Somatic VCF Fields Reported in the Variants Table

Information reported in VariantStudio for VCF files generated by the Illumina cancer analysis pipeline differs from what is reported for other VCF files.

For these files, there is no genotype (GT) or genotype score (GQX). Instead, allelic depths are listed.

Each VCF includes two samples, one of which is a reference and the other is the cancer sample. All reported values are specific to the cancer sample.

The following table lists the VCF fields that are unique to somatic VCF files.

Variants Table Column Heading

VCF File Column or Field Description

Allelic Depth

Based on values in the FORMAT column. Allelic Depth is calculated differently for SNVs and indels:

For SNVs—Based on four values listed as AU:CU:GU:TU in the FORMAT column. These values are listed as two numbers each, separated by a comma, and represent each possible allele in the cancer sample. The Allelic depth column is populated with the full set of numbers, 0,0:0,0:10,10:3,4.
For indels—Two values listed as TAR:TIR in the FORMAT column represent the Ref Allele and Alt Allele, respectively. Only the first number in each value is used. In the example 0,0:12,12, the Ref Allele is 0 and the Alt Allele is 12. Allelic Depth is listed as 0,12.

Alt Read Depth

Based on values in the FORMAT column. Alt Read Depth is calculated differently for SNVs and indels:

For SNVs—Based on the first value from the appropriate Allelic Depth (AU:CU:GU:TU). In the example 0,0:0,0:10,10:3,4, the values are 10,10 for GU and 3,4 for TU. If the Ref Allele is G and the Alt Allele is T, the Alt Read Depth is 3.
For indels—Based on the first value from the appropriate Allelic Depth (TAR:TIR). In the example 0,0:12,12, the Ref Allele is 0 and the Alt Allele is 12. Alt Read Depth is listed as 12.

Alt Variant Freq

For somatic VCF files, allele frequency is calculated from values in the VCF file before data are reported in the Variants table.

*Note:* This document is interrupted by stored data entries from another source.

(* Let $\Gamma$ be the first Grigorchuk group with generators $a,b,c,d$, acting on the right on $\{0,1\}^{\mathbb N}$, and let $\rho=111\cdots$. For a word $w=w_1\cdots w_n$ over $\{a,b,c,d\}$ let $\mathcal O(w)=\{\rho\,w_{i+1}\cdots w_n: i=0,\dots,n\}$, and set $\Sigma(n)=\#\{\mathcal O(w): w\text{ a word over }\{a,b,c,d\},\ |w|\le n\}$. Let $\eta$ be the real root of $t^3+t^2+t-2$ and $\alpha=\log 2/\log(2/\eta)$. Then $\Sigma(n)\preceq\exp(n^\alpha)$.
   Context: The first Grigorchuk group $\Gamma$ is the group of permutations of $\{0,1\}^{\mathbb N}$ (acting on the right) generated by $a,b,c,d$, defined recursively for $x\in\{0,1\}$ and infinite binary sequences $u$ by: $(xu)a=(1-x)u$; $(0u)b=0(ua)$, $(1u)b=1(uc)$; $(0u)c=0(ua)$, $(1u)c=1(ud)$; $(0u)d=0u$, $(1u)d=1(ub)$. For functions $f,g:\mathbb N\to\mathbb R_+$, $g\preceq f$ means there is $C>0$ with $g(n)\le f(Cn)$ for all sufficiently large $n$. *)

From Stdlib Require Import Reals List ClassicalEpsilon.
Import ListNotations.

Inductive letter := La | Lb | Lc | Ld.

Inductive gstate := Sa | Sb | Sc | Sd | Se.

Definition of_letter (l : letter) : gstate :=
  match l with La => Sa | Lb => Sb | Lc => Sc | Ld => Sd end.

(* Binary digit 0 = false, 1 = true.  step s x = (output digit, next state):
   (xu)a=(1-x)u ; (0u)b=0(ua), (1u)b=1(uc) ; (0u)c=0(ua), (1u)c=1(ud) ;
   (0u)d=0u, (1u)d=1(ub). *)
Definition step (s : gstate) (x : bool) : bool * gstate :=
  match s with
  | Sa => (negb x, Se)
  | Sb => if x then (true, Sc) else (false, Sa)
  | Sc => if x then (true, Sd) else (false, Sa)
  | Sd => if x then (true, Sb) else (false, Se)
  | Se => (x, Se)
  end.

Definition bseq := nat -> bool.

Fixpoint state_at (s : gstate) (u : bseq) (k : nat) : gstate :=
  match k with
  | O => s
  | S k' => snd (step (state_at s u k') (u k'))
  end.

Definition act_gen (l : letter) (u : bseq) : bseq :=
  fun k => fst (step (state_at (of_letter l) u k) (u k)).

Definition act_word (u : bseq) (w : list letter) : bseq :=
  fold_left (fun v l => act_gen l v) w u.

Definition rho : bseq := fun _ => true.

Definition orbit_mem (w : list letter) (x : bseq) : Prop :=
  exists i, i <= length w /\ forall k, x k = act_word rho (skipn i w) k.

Definition orbit_eq (w w' : list letter) : Prop :=
  forall x, orbit_mem w x <-> orbit_mem w' x.

Fixpoint words_exact (n : nat) : list (list letter) :=
  match n with
  | O => [nil]
  | S n' => flat_map (fun w => map (fun l => l :: w) [La; Lb; Lc; Ld]) (words_exact n')
  end.

Definition words_upto (n : nat) : list (list letter) :=
  flat_map words_exact (seq 0 (S n)).

Definition orbit_eqb (w w' : list letter) : bool :=
  if excluded_middle_informative (orbit_eq w w') then true else false.

Fixpoint dedup_orbits (l : list (list letter)) : list (list letter) :=
  match l with
  | nil => nil
  | w :: l' => if existsb (orbit_eqb w) l' then dedup_orbits l' else w :: dedup_orbits l'
  end.

Definition Sigma (n : nat) : nat := length (dedup_orbits (words_upto n)).

From Stdlib Require Import Reals List Lia Lra Psatz Bool ZArith.
From Stdlib Require Import FunctionalExtensionality ClassicalEpsilon Classical.
Import ListNotations.

(* Every word is equivalent to [h a y1 a y2 ... a yk] with [h] and the [yi] in the Klein
   group {1, b, c, d}, which fixes [rho]. The orbit of such a word is determined by the
   parity of [k], two bits, and the orbits of the two section words by which it acts on
   the subtrees below the first digit. Unfolding this [j] times gives a binary code of the
   orbit with [2 ^ j] leaves. With the paper's weights the sections together weigh at most
   [eta] times the word, so the code has length O(2^j + eta^j n); choosing
   (2/eta)^j ~ n makes it O(n^alpha), whence Sigma(n) <= 2^O(n^alpha). *)

Definition act (s : gstate) (u : bseq) : bseq :=
  fun k => fst (step (state_at s u k) (u k)).

Definition bcons (x : bool) (u : bseq) : bseq :=
  fun k => match k with O => x | S k => u k end.

Lemma state_at_bcons s x u k :
  state_at s (bcons x u) (S k) = state_at (snd (step s x)) u k.
Proof.
  induction k as [|k IH]; [reflexivity|].
  transitivity (snd (step (state_at s (bcons x u) (S k)) (u k))); [reflexivity|].
  now rewrite IH.
Qed.

Lemma act_bcons s x u :
  act s (bcons x u) = bcons (fst (step s x)) (act (snd (step s x)) u).
Proof.
  apply functional_extensionality; intros [|k]; [reflexivity|].
  unfold act. now rewrite state_at_bcons.
Qed.

Lemma act_Se u : act Se u = u.
Proof.
  assert (Hst : forall k, state_at Se u k = Se).
  { induction k as [|k IH]; cbn [state_at]; [|rewrite IH]; reflexivity. }
  apply functional_extensionality; intro k. unfold act. now rewrite Hst.
Qed.

Lemma rho_bcons : rho = bcons true rho.
Proof. apply functional_extensionality; intros [|k]; reflexivity. Qed.

Lemma act_word_cons u l w : act_word u (l :: w) = act_word (act (of_letter l) u) w.
Proof. reflexivity. Qed.

Lemma act_word_app u w1 w2 : act_word u (w1 ++ w2) = act_word (act_word u w1) w2.
Proof. apply fold_left_app. Qed.

(* The products of automaton states that are again states; [step_state_mul] shows that
   this table is closed under taking sections. *)
Definition state_mul (x y : gstate) : option gstate :=
  match x, y with
  | Se, z | z, Se => Some z
  | Sa, Sa | Sb, Sb | Sc, Sc | Sd, Sd => Some Se
  | Sb, Sc | Sc, Sb => Some Sd
  | Sb, Sd | Sd, Sb => Some Sc
  | Sc, Sd | Sd, Sc => Some Sb
  | _, _ => None
  end.

Lemma step_state_mul x y z b :
  state_mul x y = Some z ->
  fst (step y (fst (step x b))) = fst (step z b) /\
  state_mul (snd (step x b)) (snd (step y (fst (step x b)))) = Some (snd (step z b)).
Proof. destruct x, y, z, b; simpl; intro H; try discriminate; split; reflexivity. Qed.

Lemma act_state_mul x y z u : state_mul x y = Some z -> act y (act x u) = act z u.
Proof.
  intro Hxyz.
  assert (Hst : forall k, state_mul (state_at x u k) (state_at y (act x u) k)
                          = Some (state_at z u k)).
  { induction k as [|k IH]; [exact Hxyz|].
    exact (proj2 (step_state_mul _ _ _ (u k) IH)). }
  apply functional_extensionality; intro k.
  exact (proj1 (step_state_mul _ _ _ (u k) (Hst k))).
Qed.

(** * The Klein subgroup {1, b, c, d} and the normal form of words *)

Inductive v4 := E | B | C | D.

Definition v4_mul (x y : v4) : v4 :=
  match x, y with
  | E, z | z, E => z
  | B, B | C, C | D, D => E
  | B, C | C, B => D
  | B, D | D, B => C
  | C, D | D, C => B
  end.

Definition v4_state (y : v4) : gstate :=
  match y with E => Se | B => Sb | C => Sc | D => Sd end.

Definition v4_word (y : v4) : list letter :=
  match y with E => [] | B => [Lb] | C => [Lc] | D => [Ld] end.

(* The section at digit 1: b|1 = c, c|1 = d, d|1 = b. *)
Definition v4_rot (y : v4) : v4 :=
  match y with E => E | B => C | C => D | D => B end.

For SNVs—Using only the first values for AU:CU:GU:TU, allele frequency is calculated as (alt allelic depth/(alt allelic depth + ref allelic depth))*100. In the example 0,0:0,0:10,10:3,4, Alt Variant Freq is 23.08% by calculating (3/(3+10))*100.
For indels—Using only the first values for TAR and TIR, allele frequency is calculated as (TIR/(TIR+TAR))*100. In the example 0,0:12,12, Alt Variant Freq is 100% by calculating (12/(12+0))*100.

Genotype

Based on values listed in the INFO column. If SOMATIC is listed in the INFO column, the genotype is listed as somatic (som) in the Variants table.

Quality

Quality is based on different values for SNVs and indels:

For SNVs—Quality is based on the QSS_NT field in the INFO column. This score represents the probability that the SNV exists and is somatic.
For indels—Quality is based on the QSI_NT field in the INFO column. This score represents the probability that the indel exists and is somatic.

Read Depth

For SNVs and indels, Read Depth is extracted from values listed for DP in the FORMAT column of the cancer sample.